Сие происшествие повергло нас вновь в мучительную неизвестность. Между тем Алексея опять водили к буниосу и по возвращении его, на вопросы наши, о чем его спрашивали, он отвечал сухо: «О том же, о чем и прежде», так что мы боялись, не отперся ли он от последнего своего объявления и не сказал ли, что мы его научили говорить это.

Новый переводчик Теске, получив наше согласие на обучение его русскому языку, не замедлил явиться к нам с ящиком, наполненным разными бумагами, в которых находились прежние словари, составленные японцами, бывшими в России, и тетради, заключавшие в себе сведения, которые они сообщили своему правительству о России и обо всем виденном ими вне своего государства. Вместе с Теске стали к нам ходить также лекарь Того и Кумаджеро.

Теске в первый день, так сказать, своего урока, показал нам необыкновенные свои способности: он имел столь обширную память и такое чрезвычайное понятие и способности выговаривать русские слова, что мы должны были сомневаться, не знает ли он русский язык и не притворяется ли с намерением. По крайней мере, думали мы, должен быть ему известен какой-нибудь европейский язык. Он прежде еще выучил наизусть много наших слов от Кумаджеро, только произносил их не так. Причиною сему был дурной выговор учителя. Но он в первый же раз приметил, что Кумаджеро не так произносит, как мы, и тотчас попал на наш выговор, что заставило его с самого начала поверить собранный Кумаджеро словарь, в котором над каждым словом ставил он свои отметки для означения нашего выговора.

Ученики наши ходили к нам почти всякий день и были у нас с утра до вечера, уходя только на короткое время обедать, а в дурную погоду и обед их приносили к ним в нашу тюрьму[95]. Теске весьма скоро выучился читать по-русски и начал тотчас записывать слова, от нас слышанные, в свой словарь, русскими буквами по алфавиту, чего Кумаджеро никогда в голову не приходило. Теске выучивал в один день то, чего Кумаджеро в две недели не мог узнать.

Теперь уже и нам позволено было иметь чернильницу и бумагу в своем распоряжении и писать что хотим, почему и стали мы сбирать японские слова. Но замечания наши) записывать мы опасались, подозревая, что японцы вздумают со временем отобрать наши бумаги.

Через несколько дней знакомства нашего с Теске привел он к нам своего брата, мальчика лет четырнадцати, и сказал: «Губернатору угодно, чтобы вы его учили по-русски». – «Мало ли что угодно вашему губернатору, – отвечали мы с досадой, – но не все то расположены мы делать, что ему угодно; мы вам сказали прежде уже, что лучше лишимся жизни, нежели останемся в Японии в каком бы то ни было состоянии, а учителями быть очень не хотим; теперь же видим довольно ясно, к чему клонятся все ваши ласки и уверения.
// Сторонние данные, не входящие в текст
(* Let $G=(V,E)$ be an unweighted undirected graph, let $s\in V$ be a source, and suppose we are given, for every $v\in V$, the distance $d_s(v)$ from $s$, the number $\sigma_s(v)$ of shortest $s$-$v$ paths, and the list $P_s(v)$ of predecessors of $v$ (neighbors immediately preceding $v$ on shortest $s$-$v$ paths) in $G$. Let $\beta$ be a batch of edge insertions and let $d_{max}$ be the maximum distance from $s$ (the distance of the node furthest from $s$). Consider the algorithm \textsf{UpdateSSSP}, which assumes all nodes are initially colored white: (i) Create an array $Q[\,]$ of $d_{max}$ empty FIFO queues. For each $e=\{u,v\}\in\beta$: insert $e$ into $E$; if $d_s(u)<d_s(v)$, enqueue $v$ into $Q[d_s(u)+1]$; if $d_s(v)<d_s(u)$, enqueue $u$ into $Q[d_s(v)+1]$. (ii) For $k=1,2,\dots$ while $k<d_{max}$: while $Q[k]$ is nonempty, dequeue $w$ from $Q[k]$; if $w$ is black, skip it; otherwise color $w$ black, set $d_s(w)\leftarrow k$, $P_s(w)\leftarrow\emptyset$, $\sigma_s(w)\leftarrow 0$, and for each incident edge $\{z,w\}$: if $d_s(w)=d_s(z)+1$, add $z$ to $P_s(w)$ and set $\sigma_s(w)\leftarrow\sigma_s(w)+\sigma_s(z)$; if $z$ is white and $d_s(z)\ge d_s(w)+1$, color $z$ gray and enqueue $z$ into $Q[k+1]$. (iii) Reset to white all nodes that have been in some queue. Then the time required by \textsf{UpdateSSSP} to update the distances, the numbers of shortest paths and the lists of predecessors is $O(|\beta|+\|A\|+d_{max})$.
   Context: $A$ denotes the set of affected nodes, i.e. nodes whose distance from $s$ or whose number of shortest paths from $s$ changes as a consequence of inserting the batch $\beta$; $\|A\|$ denotes $|A|$ plus the number of edges having at least one endpoint in $A$; $|\beta|$ is the number of edges in the batch. *)

(* Graphs: a finite vertex type V with a symmetric,
   irreflexive edge relation E : rel V (simple undirected unweighted graph). *)
From mathcomp Require Import all_boot.
Set Implicit Arguments. Unset Strict Implicit. Unset Printing Implicit Defensive.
Одного переводчика, по словам вашим, было недостаточно для перевода нашего дела, нужен был другой: этого закон ваш требовал, как вы нас уверяли; мы согласились учить другого, а спустя несколько дней является мальчик, чтобы и его учить; таким образом в короткое время наберется целая школа; но этому никогда не бывать; вы можете нас убить, но учить мы не хотим».

Ответ наш чрезвычайно раздражил Теске. Быв вспыльчивого нрава, он вмиг разгорячился, заговорил, против японского обычая, очень громко и с угрозами, стращая нас, что мы принуждены будем учить против нашей воли, и что мы должны все то делать, что нам велят, а мы также с гневом опровергали его мнение и уверяли, что никто в свете над нами не имеет власти, кроме русского государя: умертвить нас легко, но принудить к чему-либо против нашей воли невозможно.
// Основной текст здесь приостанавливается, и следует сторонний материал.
(* Let $G$ be a nilpotent $p$-group ($p$ prime) and let $G_0$ be the set of elements of $G$ of infinite height. Then $G_0$ is a normal subgroup of $G$, and the quotient group $G/G_0$ has no nontrivial elements of infinite height.
   Context: For a nilpotent $p$-group $G$, the height of $g\in G$ is the greatest integer $n\ge 0$ such that $g=h^{p^n}$ for some $h\in G$; if there is no greatest such $n$, $g$ is said to have infinite height. *)

From mathcomp Require Import all_boot.
Set Implicit Arguments.
Unset Strict Implicit.
Unset Printing Implicit Defensive.

Record group := Group {
  carrier :> Type;
  gmul : carrier -> carrier -> carrier;
  gone : carrier;
  ginv : carrier -> carrier;
  gmulA : forall x y z, gmul x (gmul y z) = gmul (gmul x y) z;
  gmul1 : forall x, gmul gone x = x;
  gmulV : forall x, gmul (ginv x) x = gone
}.

Section Defs.
Variable G : group.

Fixpoint gpow (x : G) (n : nat) : G :=
  match n with 0 => gone G | S k => gmul x (gpow x k) end.

Definition gcomm (x y : G) : G :=
  gmul (ginv x) (gmul (ginv y) (gmul x y)).

Definition is_subgroup (S : G -> Prop) : Prop :=
  S (gone G) /\ (forall x y, S x -> S y -> S (gmul x y)) /\
  (forall x, S x -> S (ginv x)).

Definition is_normal_subgroup (S : G -> Prop) : Prop :=
  is_subgroup S /\ forall x g, S x -> S (gmul (ginv g) (gmul x g)).

Fixpoint upper_central (i : nat) : G -> Prop :=
  match i with
  | 0 => fun x => x = gone G
  | S k => fun x => forall y, upper_central k (gcomm x y)
  end.

Definition nilpotent : Prop := exists c, forall x, upper_central c x.

Definition p_group (p : nat) : Prop := forall x : G, exists n, gpow x (p ^ n) = gone G.

Definition has_height (p : nat) (g : G) (n : nat) : Prop :=
  (exists h, g = gpow h (p ^ n)) /\
  (forall m, (exists h, g = gpow h (p ^ m)) -> m <= n).

Definition infinite_height (p : nat) (g : G) : Prop :=
  ~ exists n, has_height p g n.

(* Heights in the quotient G/N (N normal), written out on cosets:
   (hN)^(p^n) = gN  iff  g^-1 h^(p^n) \in N. *)
Definition has_height_mod (N : G -> Prop) (p : nat) (g : G) (n : nat) : Prop :=
  (exists h, N (gmul (ginv g) (gpow h (p ^ n)))) /\
  (forall m, (exists h, N (gmul (ginv g) (gpow h (p ^ m)))) -> m <= n).

Definition infinite_height_mod (N : G -> Prop) (p : nat) (g : G) : Prop :=
  ~ exists n, has_height_mod N p g n.

End Defs.

(** Let [c] be the nilpotency class.  If [h ^+ m = 1], then commuting with [h]
    pushes [t ^+ m] one step further down the upper central series than [t],
    so [h] commutes with every [m ^ c]-th power.  Given [x = h ^+ p ^ n] with
    [h ^+ p ^ a = 1] and [y] of infinite height, write [y = k ^+ p ^ (a c + n)];
    then [h] commutes with [k' = k ^+ p ^ (a c)] and [x y = (h k') ^+ p ^ n].
    Hence the elements of infinite height, i.e. those with a [p ^ n]-th root for
    every [n], form a subgroup, normal since conjugation preserves roots.
    Finally, if [g G0] has infinite height in [G / G0], then for each [n]
    we have [g = h ^+ p ^ n z] with [z] in [G0], and by the same computation
    [h ^+ p ^ n z] is a [p ^ n]-th power. *)

From mathcomp Require Import all_boot.
From Stdlib Require Import Classical.

Set Implicit Arguments.
Unset Strict Implicit.
Unset Printing Implicit Defensive.

Section GroupTheory.
Variable G : group.
Implicit Types x y z g h k t : G.
Local Notation "x • y" := (@gmul G x y) (at level 40, left associativity).
Local Notation e := (gone G).
Local Notation "x ^-1" := (@ginv G x).
Local Notation "x ^+ n" := (@gpow G x n).

Lemma mul1g x : e • x = x. Proof. exact: gmul1. Qed.
Lemma mulVg x : x^-1 • x = e. Proof. exact: gmulV. Qed.
Lemma mulgA x y z : x • (y • z) = x • y • z. Proof. exact: gmulA. Qed.

Lemma mulgV x : x • x^-1 = e.
Proof. by rewrite -[x • _]mul1g -(mulVg x^-1) -mulgA (mulgA x^-1) mulVg mul1g. Qed.

Lemma mulg1 x : x • e = x.
Proof. by rewrite -(mulVg x) mulgA mulgV mul1g. Qed.

Lemma mulKg x y : x^-1 • (x • y) = y.
Proof. by rewrite mulgA mulVg mul1g. Qed.

Lemma mulKVg x y : x • (x^-1 • y) = y.
Proof. by rewrite mulgA mulgV mul1g. Qed.

Lemma mulg_eq1 x y : x • y = e -> x = y^-1.
Proof. by move=> xy1; rewrite -[x]mulg1 -(mulgV y) mulgA xy1 mul1g. Qed.

Lemma invgK x : (x^-1)^-1 = x.
Proof. by apply/esym/mulg_eq1; rewrite mulgV. Qed.

Lemma invMg x y : (x • y)^-1 = y^-1 • x^-1.
Proof. by apply/esym/mulg_eq1; rewrite -mulgA (mulgA x^-1) mulVg mul1g mulVg. Qed.

Lemma invg1 : e^-1 = e.
Proof. by apply/esym/mulg_eq1; rewrite mulg1. Qed.

Ltac gsimpl := repeat (rewrite ?mul1g ?mulg1 ?mulVg ?mulgV ?mulKg ?mulKVg
                         ?invMg ?invgK ?invg1; rewrite -?mulgA).

Lemma expgD x a b : x ^+ (a + b) = x ^+ a • x ^+ b.
Proof. by elim: a => [|a IHa] /=; rewrite ?mul1g ?IHa ?mulgA. Qed.

Lemma expgSr x a : x ^+ a.+1 = x ^+ a • x.
Proof. by rewrite -addn1 expgD /= mulg1. Qed.

Lemma expgM x a b : x ^+ (a * b) = (x ^+ a) ^+ b.
Proof. by elim: b => [|b IHb]; rewrite ?muln0 // mulnS expgD IHb. Qed.

Lemma expg1n n : e ^+ n = e.
Proof. by elim: n => [|n IHn] //=; rewrite IHn mul1g. Qed.

Lemma expVgn x n : (x ^+ n)^-1 = x^-1 ^+ n.
Proof. by elim: n => [|n IHn] /=; rewrite ?invg1 // invMg IHn -expgSr. Qed.

Lemma conjXg g x n : g^-1 • (x ^+ n • g) = (g^-1 • (x • g)) ^+ n.
Proof. by elim: n => [|n IHn] /=; rewrite -?IHn; gsimpl. Qed.

Lemma commuteX x y n : x • y = y • x -> x ^+ n • y = y • x ^+ n.
Proof.
move=> cxy; elim: n => [|n IHn] /=; first by gsimpl.
by rewrite -mulgA IHn !mulgA cxy.
Qed.

Lemma expgMn x y n : x • y = y • x -> (x • y) ^+ n = x ^+ n • y ^+ n.
Proof.
move=> cxy; elim: n => [|n IHn] /=; first by gsimpl.
by rewrite IHn -!mulgA (mulgA y) -(commuteX n cxy); gsimpl.
Qed.

Section EqMod.
Variable N : G -> Prop.
Hypothesis nN : is_normal_subgroup N.

Definition eq_mod x y := N (x^-1 • y).
Local Notation "x ≡ y" := (eq_mod x y) (at level 70).

Definition central_mod z := forall g, N (gcomm z g).

Lemma groupN1 : N e. Proof. by case: nN => [[]]. Qed.
Lemma groupNM x y : N x -> N y -> N (x • y). Proof. by case: nN => [[_ [NM _]] _]; apply: NM. Qed.
Lemma groupNV x : N x -> N x^-1. Proof. by case: nN => [[_ [_ NV]] _]; apply: NV. Qed.
Lemma groupNJ x g : N x -> N (g^-1 • (x • g)). Proof. by case: nN => _; apply. Qed.

Lemma eq_mod_refl x : x ≡ x. Proof. by rewrite /eq_mod mulVg; apply: groupN1. Qed.

Lemma eq_mod_sym x y : x ≡ y -> y ≡ x.
Proof. by move/groupNV; rewrite invMg invgK. Qed.

Lemma eq_mod_trans y x z : x ≡ y -> y ≡ z -> x ≡ z.
Proof. by move=> xy yz; have := groupNM xy yz; rewrite -mulgA mulKVg. Qed.

Lemma eq_modM x x' y y' : x ≡ x' -> y ≡ y' -> x • y ≡ x' • y'.
Proof. by move=> xx' yy'; have := groupNM (groupNJ y xx') yy'; rewrite /eq_mod; gsimpl. Qed.

Lemma eq_mod1 x : x ≡ e -> N x.
Proof. by rewrite /eq_mod mulg1 => /groupNV; rewrite invgK. Qed.

Lemma central_mod_conj z g : central_mod z -> g^-1 • (z • g) ≡ z.
Proof. by move=> /(_ g); apply: eq_mod_sym. Qed.

Lemma central_mod_commute z g : central_mod z -> z • g ≡ g • z.
Proof. by move=> /(_ g) /groupNV; rewrite /eq_mod /gcomm; gsimpl. Qed.

Lemma expgM_central_mod x z a : central_mod z -> (x • z) ^+ a ≡ x ^+ a • z ^+ a.
Proof.
move=> zN; elim: a => [|a IHa] /=; first by rewrite mulg1; apply: eq_mod_refl.
apply: eq_mod_trans (eq_modM (eq_mod_refl (x • z)) IHa) _.
rewrite -!mulgA; apply: eq_modM (eq_mod_refl x) _.
by rewrite !mulgA; apply: eq_modM (central_mod_commute _ zN) (eq_mod_refl _).
Qed.

Lemma conj_expg_central_mod h t a : central_mod (gcomm h t) ->
  (t ^+ a)^-1 • (h • t ^+ a) ≡ h • gcomm h t ^+ a.
Proof.
move=> zN; elim: a => [|a IHa] /=; first by gsimpl; apply: eq_mod_refl.
have -> : (t • t ^+ a)^-1 • (h • (t • t ^+ a))
        = (t ^+ a)^-1 • (h • t ^+ a) • ((t ^+ a)^-1 • (gcomm h t • t ^+ a)).
  by rewrite /gcomm; gsimpl.
by rewrite -/(gpow _ a.+1) expgSr (mulgA h); apply: eq_modM IHa (central_mod_conj _ zN).
Qed.

(* Since [h • gcomm h t] is the conjugate [t^-1 h t], its [m]-th power is
   trivial; hence so is [gcomm h t ^+ m] modulo [N], and this is [gcomm h (t ^+ m)]. *)
Lemma comm_expg_central_mod h t m : h ^+ m = e -> central_mod (gcomm h t) ->
  N (gcomm h (t ^+ m)).
Proof.
move=> hm1 zN; set z := gcomm h t.
have conj_h : t^-1 • (h • t) = h • z by rewrite /z /gcomm; gsimpl.
have zm1 : z ^+ m ≡ e.
  apply: eq_mod_sym; have := expgM_central_mod h m zN.
  by rewrite -conj_h -conjXg hm1 !mul1g mulVg.
apply: eq_mod1; rewrite /gcomm.
apply: eq_mod_trans (eq_modM (eq_mod_refl h^-1) (conj_expg_central_mod m zN)) _.
by rewrite mulKg.
Qed.

End EqMod.

Lemma upper_central_normal j : is_normal_subgroup (@upper_central G j).
Proof.
elim: j => [|j IHj] /=.
  do !split; [by move=> x y -> ->; gsimpl | by move=> x ->; gsimpl | by move=> x g ->; gsimpl].
do !split.
- by move=> y; rewrite /gcomm; gsimpl; apply: groupN1.
- move=> x x' zx zx' y.
  have -> : gcomm (x • x') y = x'^-1 • (gcomm x y • x') • gcomm x' y.
    by rewrite /gcomm; gsimpl.
  by apply: groupNM => //; apply: groupNJ.
- move=> x zx y.
  have -> : gcomm x^-1 y = (x^-1)^-1 • ((gcomm x y)^-1 • x^-1).
    by rewrite /gcomm; gsimpl.
  by apply: groupNJ => //; apply: groupNV.
- move=> x g zx y.
  have -> : gcomm (g^-1 • (x • g)) y = g^-1 • (gcomm x (g • y • g^-1) • g).
    by rewrite /gcomm; gsimpl.
  exact: groupNJ.
Qed.

Lemma commute_expg_class c h k m : (forall x, upper_central c x) -> h ^+ m = e ->
  h • k ^+ (m ^ c) = k ^+ (m ^ c) • h.
Proof.
move=> nilG hm1.
have zc i : i <= c -> upper_central (c - i) (gcomm h (k ^+ (m ^ i))).
  elim: i => [|i IHi] ltic; first by rewrite subn0.
  move: (IHi (ltnW ltic)); rewrite -(subnSK ltic) /= => zk.
  by rewrite expnSr expgM; apply: comm_expg_central_mod => //; apply: upper_central_normal.
move: (zc c (leqnn c)); rewrite subnn /= /gcomm => /(congr1 (gmul (k ^+ (m ^ c) • h))).
by rewrite mulg1; gsimpl.
Qed.

Section Heights.
Variable p : nat.

Definition powers_in (R : G -> Prop) m := exists h, R (h ^+ (p ^ m)).

Lemma powers_in_le R m m' : m' <= m -> powers_in R m -> powers_in R m'.
Proof. by move=> le_m'm [h Rh]; exists (h ^+ (p ^ (m - m'))); rewrite -expgM -expnD subnK. Qed.

(* A downward closed set of exponents with no largest element is all of [nat]. *)
Lemma powers_in_unbounded R : (exists x, R x) ->
  ~ (exists n, powers_in R n /\ forall m, powers_in R m -> m <= n) ->
  forall n, powers_in R n.
Proof.
move=> [x Rx] noMax; elim=> [|n IHn]; first by exists x; rewrite expn0 /= mulg1.
apply: NNPP => notRn1; apply: noMax; exists n; split=> // m Rm.
by rewrite leqNgt; apply/negP => lt_nm; apply: notRn1 (powers_in_le lt_nm Rm).
Qed.

Lemma infinite_heightP y : infinite_height p y <-> forall n, exists h, y = h ^+ (p ^ n).
Proof.
split=> [yinf | roots_y [n [_ max_n]]].
  by apply: (powers_in_unbounded (R := eq y)) => //; exists y.
by have := max_n n.+1 (roots_y n.+1); rewrite ltnn.
Qed.

Lemma infinite_height1 : infinite_height p e.
Proof. by apply/infinite_heightP => n; exists e; rewrite expg1n. Qed.

Lemma infinite_heightV y : infinite_height p y -> infinite_height p y^-1.
Proof.
move=> /infinite_heightP yinf; apply/infinite_heightP => n.
by have [h ->] := yinf n; exists h^-1; apply: expVgn.
Qed.

Lemma infinite_heightJ y g : infinite_height p y -> infinite_height p (g^-1 • (y • g)).
Proof.
move=> /infinite_heightP yinf; apply/infinite_heightP => n.
by have [h ->] := yinf n; exists (g^-1 • (h • g)); apply: conjXg.
Qed.

Section NilpotentPGroup.
Variable c : nat.
Hypothesis nilG : forall x, upper_central c x.
Hypothesis pG : p_group G p.

Lemma expg_mul_infinite_height h n y : infinite_height p y ->
  exists w, h ^+ (p ^ n) • y = w ^+ (p ^ n).
Proof.
move=> /infinite_heightP yinf; have [a ha1] := pG h.
have [k ->] := yinf (a * c + n); exists (h • k ^+ (p ^ (a * c))).
rewrite expnD expgM expgMn // expnM.
exact: commute_expg_class.
Qed.

Lemma infinite_heightM x y :
  infinite_height p x -> infinite_height p y -> infinite_height p (x • y).
Proof.
move=> /infinite_heightP xinf yinf; apply/infinite_heightP => n.
have [h ->] := xinf n; have [w ->] := expg_mul_infinite_height h n yinf.
by exists w.
Qed.

Lemma infinite_height_normal : is_normal_subgroup (infinite_height p (G:=G)).
Proof.
do !split; [exact: infinite_height1 | exact: infinite_heightM |
            exact: infinite_heightV | exact: infinite_heightJ].
Qed.

Lemma infinite_height_mod_infinite_height g :
  infinite_height_mod (infinite_height p (G:=G)) p g -> infinite_height p g.
Proof.
move=> ginf; apply/infinite_heightP => n.
have ex_root : exists x, infinite_height p (g^-1 • x).
  by exists g; rewrite mulVg; apply: infinite_height1.
have [h /infinite_heightV] := powers_in_unbounded ex_root ginf n.
rewrite invMg invgK => zinf.
by have [w eq_w] := expg_mul_infinite_height h n zinf; exists w; rewrite -eq_w mulKVg.
Qed.

End NilpotentPGroup.
End Heights.
End GroupTheory.

Theorem mainTheorem5 (G : group) (p : nat) :
  prime p -> nilpotent G -> p_group G p ->
  is_normal_subgroup (infinite_height p (G:=G)) /\
  (forall g : G,
     infinite_height_mod (infinite_height p (G:=G)) p g ->
     infinite_height p g).
Proof.
move=> _ [c nilG] pG; split.
- exact: infinite_height_normal nilG pG.
- exact: infinite_height_mod_infinite_height nilG pG.
Qed.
Таким образом мы побранились не на шутку и принудили его оставить нас с досадой и почти в бешенстве. Мы опасались, не произведет ли ссора сия каких-нибудь неприятных для нас последствий, однакож ничего не случилось. На другой день Теске явился к нам с веселым видом, извинялся в том, что он накануне слишком разгорячился и оскорбил нас своей неосторожностью, чему причиной поставлял он от природы свойственный ему вспыльчивый характер, и просил, чтобы, позабыв все прошедшее, мы были с ним опять друзьями. Мы, с своей стороны, также сделали ему учтивое извинение, тем и помирились.
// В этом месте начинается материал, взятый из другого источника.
Lemma pair_transversal : exists R : {set gT},
  [/\ R \subset G :\: X, #|(X :\: 'Z(G)) :|: R| = (3 * r - 2)%N
    & {in G :\: X, forall t, ((t * z)%g \in R) = (t \notin R)}].
Proof.
have [R [sR cardR sRz]] := involution_transversal mulgzK mulgz_neq outsideMz.
exists R; split=> //; rewrite cardsU card_noncentral_X.
have -> : (X :\: 'Z(G)) :&: R = set0.
  apply/disjoint_setI0; rewrite disjoint_sym disjoint_subset.
  by apply/subsetP => x /(subsetP sR)/setDP[_ X'x]; rewrite inE /= in_setD (negbTE X'x) andbF.
have oR : #|R| = r by apply/eqP; rewrite -(eqn_pmul2l (isT : 0 < 2)%N) -cardR card_outside_X.
by rewrite cards0 oR; lia.
Qed.

Lemma ncg_verticesD_outside (R : {set gT}) u :
  u \in V :\: ((X :\: 'Z(G)) :|: R) -> u \in G :\: X.
Proof. by case/setDP; rewrite ncg_vertices_index2 !in_setU negb_or => /orP[]->. Qed.

Lemma rank_pair_eigen :
  (\rank (ncg_distLap G - (4 * r)%N%:R%:M)%R <= #|V| - r)%N.
Proof.
have [R [sR cardS sRz]] := pair_transversal.
have -> : (#|V| - r = #|(X :\: 'Z(G)) :|: R|)%N by rewrite cardS card_ncg_vertices; lia.
apply: (ncg_rank_leq (c := fun u k => (k == (u * z)%g)%:R)) => u w VS'u Vw.
have X'u := ncg_verticesD_outside VS'u.
have R'u : u \notin R by case/setDP: VS'u; rewrite in_setU negb_or => _ /andP[].
rewrite sumr_delta in_setU sRz // R'u orbT mul1r.
rewrite !ncg_dlap_outside ?outsideMz // subrr !mulr0 mulgzK.
by rewrite !in_set2 orbC.
Qed.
Он и в этот раз привел к нам своего брата, но не с тем, чтоб брать у нас урок, а как гостя. Однакож после, дня через два, опять напоминал, что губернатор желает сделать из него русского переводчика и хорошо было бы, если б мы стали его учить. Он говорил это под видом шутки, и мы отвечали ему шутя, что если японцы помирятся с Россией и будут нам друзьями, то брата его и несколько еще мальчиков мы можем взять в Россию, где они научатся не только русскому языку, но и многому другому для них полезному, а если они не хотят с нами жить в дружбе, то и мы учить его не хотим, да и ему зачем ломать голову попустому? После того он уже никогда не напоминал нам об учении его брата.

Между тем сказано нам было, что отправляемый с нашим делом в столицу чиновник сбирается в дорогу и что с ним буниос посылает на показ к императору своему по одной из каждого сорта наших вещей и в том числе хочет послать несколько книг. Но как он намерен позволять нам от скуки читать наши книги, то и велел нам отобрать, которые желаем мы оставить у себя, для чего переводчики принесли к нам и ящик наш с книгами. Выбрав несколько книг, мы их отложили в сторону, в надежде, что японцы хотят оставить их у нас. Но не так случилось: они только их разделили и положили на них свои знаки, а с каким действительно намерением, мы не знали. Затем унесли ящик назад, не оставив у нас ни одной книги.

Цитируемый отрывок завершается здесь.